I got this wrong recently in a test I wrote at my college but I’m not sure why? Anyway here’s the question: I got a and b right but c wrong.
Suppose an investor initially pays $6000 towards the purchase of $10 000 worth of shares( 100 shares for $100 each). The investor borrows $4000 from his broker.
a. What is the current margin requirement and what will it be if the share price declines to $70 a share?
b. Suppose the maintenance margin is 40%. How far can the share price drop before the investor gets a margin call?
c. Suppose the investor only borrows $5000 at a rate of 9% per year. What will be the rate of return if the share price increases by 30%?
For C I got 51% but I was marked wrong? How would you do C?
investor borrowed 5,000, paid 5,000 out of his pocket (equity).
share price rose to 130.
Calculation of return:
receives 130 * 100 = 13,000
Pays back 5,000 borrowed
Pays back 5,000 * 9% = 450
so return = (13,000 - 5,000 - 450 )/5,000 = 151%
Remember leverage magnifies the return when positive or negative. So if share prices rose 30% - (Which means they became 130% of original value) - the final return due to leverage will be higher than 130%.
If he had earned negative returns the final return would have been magnified then too.

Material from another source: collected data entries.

Lemma tube_stage_cmix (I : finType) (c : I -> R) t v t' :
  (forall b, 0 <= c b) -> \sum_b c b = 1 ->
  (forall b, tube_stage (t b) (v b) (t' b)) ->
  tube_stage (cmix c t) (cmix c v) (cmix c t').
Proof.
move=> c_ge0 c_sum1 Ht; split; [|split].
- move=> i l; have -> : P i *m cmix c t + T *m (B i *m cmix c v) + T *m wv l =
      cmix c (fun b => P i *m t b + T *m (B i *m v b) + T *m wv l).
    by rewrite !cmixD !cmix_mulmx cmix_const.
  by apply: vle_cmix => // b; apply: (Ht b).1.
- by rewrite cmix_mulmx; apply: cmix_vle => // b; apply: (Ht b).2.1.
- by rewrite !cmix_mulmx -cmixD; apply: cmix_vle => // b; apply: (Ht b).2.2.
Qed.

Lemma tube_feasible_cmix (I : finType) (c : I -> R) t v :
  (forall b, 0 <= c b) -> \sum_b c b = 1 ->
  (forall b, tube_feasible (t b) (v b)) ->
  tube_feasible (fun k => cmix c (fun b => t b k)) (fun k => cmix c (fun b => v b k)).
Proof.
move=> c_ge0 c_sum1 Ht k k_range.
have -> : tube_input (fun k => cmix c (fun b => v b k)) k =
          cmix c (fun b => tube_input (v b) k).
  by rewrite /tube_input; case: ifP => // _; rewrite cmix_const.
by apply: tube_stage_cmix => // b; apply: Ht.
Qed.

Local Notation node := (seq (branch np nw)).

Variables (x : 'cV[R]_nx) (zt : node -> 'cV[R]_nx) (vt : node -> 'cV[R]_nu).
Variables (tau : node -> nat -> 'cV[R]_nT) (vtb : node -> nat -> 'cV[R]_nu).
Variables (y : node -> nat -> 'cV[R]_nx) (mu : node -> nat -> 'cV[R]_nQ).
Variables (eta : node -> nat -> 'cV[R]_nRc) (gam : node -> nat -> R).
Hypothesis Hsol : PG_cons A B wv S F G T P Px Pu PQ Q Rc Zf Nr Np
                          x zt vt tau vtb y mu eta gam.

Lemma leaf_tube q :
  size q = Nr -> vle (T *m zt q) (tau q Nr) /\ tube_feasible (tau q) (vtb q).
Proof.
move=> hq; have [_ [_ /(_ q hq) [Tz [Hstage [Hx_end [Hu_end Hinv_end]]]]]] := Hsol.
split=> // k /andP[Nr_le_k k_le_Np]; rewrite /tube_input.
have [k_lt_Np | Np_le_k] := ltnP k Np.
  have [Hstep [Hx [Hu _]]] := Hstage k (introT andP (conj Nr_le_k k_lt_Np)).
  by rewrite (minn_idPl k_lt_Np).
have -> : k = Np by apply/eqP; rewrite eqn_leq k_le_Np Np_le_k.
rewrite (minn_idPr (leqnSn Np)); split; [|split] => //.
- by move=> i l; rewrite !mulmx0 addr0.
- by rewrite mulmx0 add0r.
Qed.

Definition vt_node (q : node) : 'cV[R]_nu :=
  if (size q < Nr)%N then vt q else tube_input (vtb q) Nr + Kpred *m zt q.

Lemma leaf_closed_loop q : size q = Nr ->
  (forall i l, vle (T *m (A i *m zt q + B i *m vt_node q + wv l))
                   (tau q (minn Nr.+1 Np))) /\
  vle (F *m zt q) (ones R nF) /\ vle (G *m vt_node q) (ones R nG).
Proof.
move=> hq; have [Tz Htube] := leaf_tube hq.
rewrite /vt_node hq ltnn; apply: tube_stage_closed_loop Tz _.
by apply: Htube; rewrite leqnn Nr_le_Np.
Qed.

Lemma node_feasible q : (size q <= Nr)%N ->
  vle (F *m zt q) (ones R nF) /\ vle (G *m vt_node q) (ones R nG).
Proof.
rewrite leq_eqVlt => /orP[/eqP hq | hq]; first by have [] := leaf_closed_loop hq.
by have [_ [/(_ q hq) [Hx [Hu _]] _]] := Hsol; rewrite /vt_node hq.
Qed.

Variables (c : 'I_np * 'I_nw -> R).
Hypotheses (c_ge0 : forall b, 0 <= c b) (c_sum1 : \sum_b c b = 1).

Definition zt_avg (p : node) := cmix c (fun b => zt (b :: p)).

Definition vt_shift (p : node) := cmix c (fun b => vt_node (b :: p)).

(* A new leaf p = rcons q (i, l) has q = take Nr.-1 p: its state is the
   successor of q along (i, l), and its tube averages the shifted tubes of the
   old leaves b :: q. *)
Definition zt_shift (p : node) : 'cV[R]_nx :=
  if (size p < Nr)%N then zt_avg p
  else if rev p is (i, l) :: _
       then A i *m zt_avg (take Nr.-1 p) + B i *m vt_shift (take Nr.-1 p) + wv l
       else 0.

Definition tau_shift (p : node) k :=
  cmix c (fun b => tube_shift (tau (b :: take Nr.-1 p)) k).

Definition vtb_shift (p : node) k :=
  cmix c (fun b => input_shift (vtb (b :: take Nr.-1 p)) k).

Definition mu_shift (p : node) k := map_mx Num.norm (PQ *m tau_shift p k).

Definition eta_shift (p : node) k := map_mx Num.norm (Rc *m vtb_shift p k).

Definition gam_shift (p : node) k :=
  \sum_i mu_shift p k i ord0 + \sum_i eta_shift p k i ord0.

Lemma zt_shift_rcons p i l : (size p < Nr)%N ->
  zt_shift (rcons p (i, l)) = A i *m zt_shift p + B i *m vt_shift p + wv l.
Proof.
move=> hp; rewrite /zt_shift size_rcons hp.
have [hp1 | Nr_le_p1] := ltnP (size p).+1 Nr; last first.
  have hpNr : size p = Nr.-1 by lia.
  by rewrite rev_rcons -cats1 take_size_cat.
have [_ [Hrob _]] := Hsol.
rewrite /zt_avg /vt_shift !cmix_mulmx -(cmix_const c_sum1 (wv l)) -!cmixD.
apply: eq_cmix => b; have [_ [_ ->]] := Hrob (b :: p) hp1.
by rewrite /vt_node hp1.
Qed.

Lemma shift_robust p : (size p < Nr)%N ->
  vle (F *m zt_shift p) (ones R nF) /\ vle (G *m vt_shift p) (ones R nG) /\
  forall i l, zt_shift (rcons p (i, l)) = A i *m zt_shift p + B i *m vt_shift p + wv l.
Proof.
move=> hp; split; [|split]; last by move=> i l; apply: zt_shift_rcons.
- rewrite /zt_shift hp /zt_avg cmix_mulmx; apply: cmix_vle => // b.
  by apply: (node_feasible _).1.
- rewrite /vt_shift cmix_mulmx; apply: cmix_vle => // b.
  by apply: (node_feasible _).2.
Qed.

Lemma shift_leaf_tube p i l : size p = Nr.-1 ->
  vle (T *m zt_shift (rcons p (i, l))) (tau_shift (rcons p (i, l)) Nr) /\
  tube_feasible (tau_shift (rcons p (i, l))) (vtb_shift (rcons p (i, l))).
Proof.
move=> hp; have hq b : size (b :: p) = Nr by rewrite /= hp prednK.
have p_lt_Nr : (size p < Nr)%N by rewrite hp prednK.
rewrite /tau_shift /vtb_shift -cats1 take_size_cat // cats1; split.
  rewrite zt_shift_rcons // {1}/zt_shift p_lt_Nr /zt_avg /vt_shift !cmix_mulmx.
  rewrite -(cmix_const c_sum1 (wv l)) -!cmixD cmix_mulmx.
  by apply: vle_cmix => // b; apply: (leaf_closed_loop (hq b)).1.
apply: tube_feasible_cmix => // b; apply: tube_feasible_shift.
exact: (leaf_tube (hq b)).2.
Qed.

The _ proceeds _ are $13,000 − $5,000 − $450 = $7,550, but that’s not the profit.
The profit is the ending value ($7,550) less the beginning value ($5,000), or $2,550.
That’s a 51% (= $2,550 / $5,000) return.
Your calculation showed that the ending value is 151% of the beginning value which is correct: 100% is the return _ of _ principal, and 51% is the return _ on _ principal.
The $5,000 that Chris deducted is not the principal; it’s the loan repayment.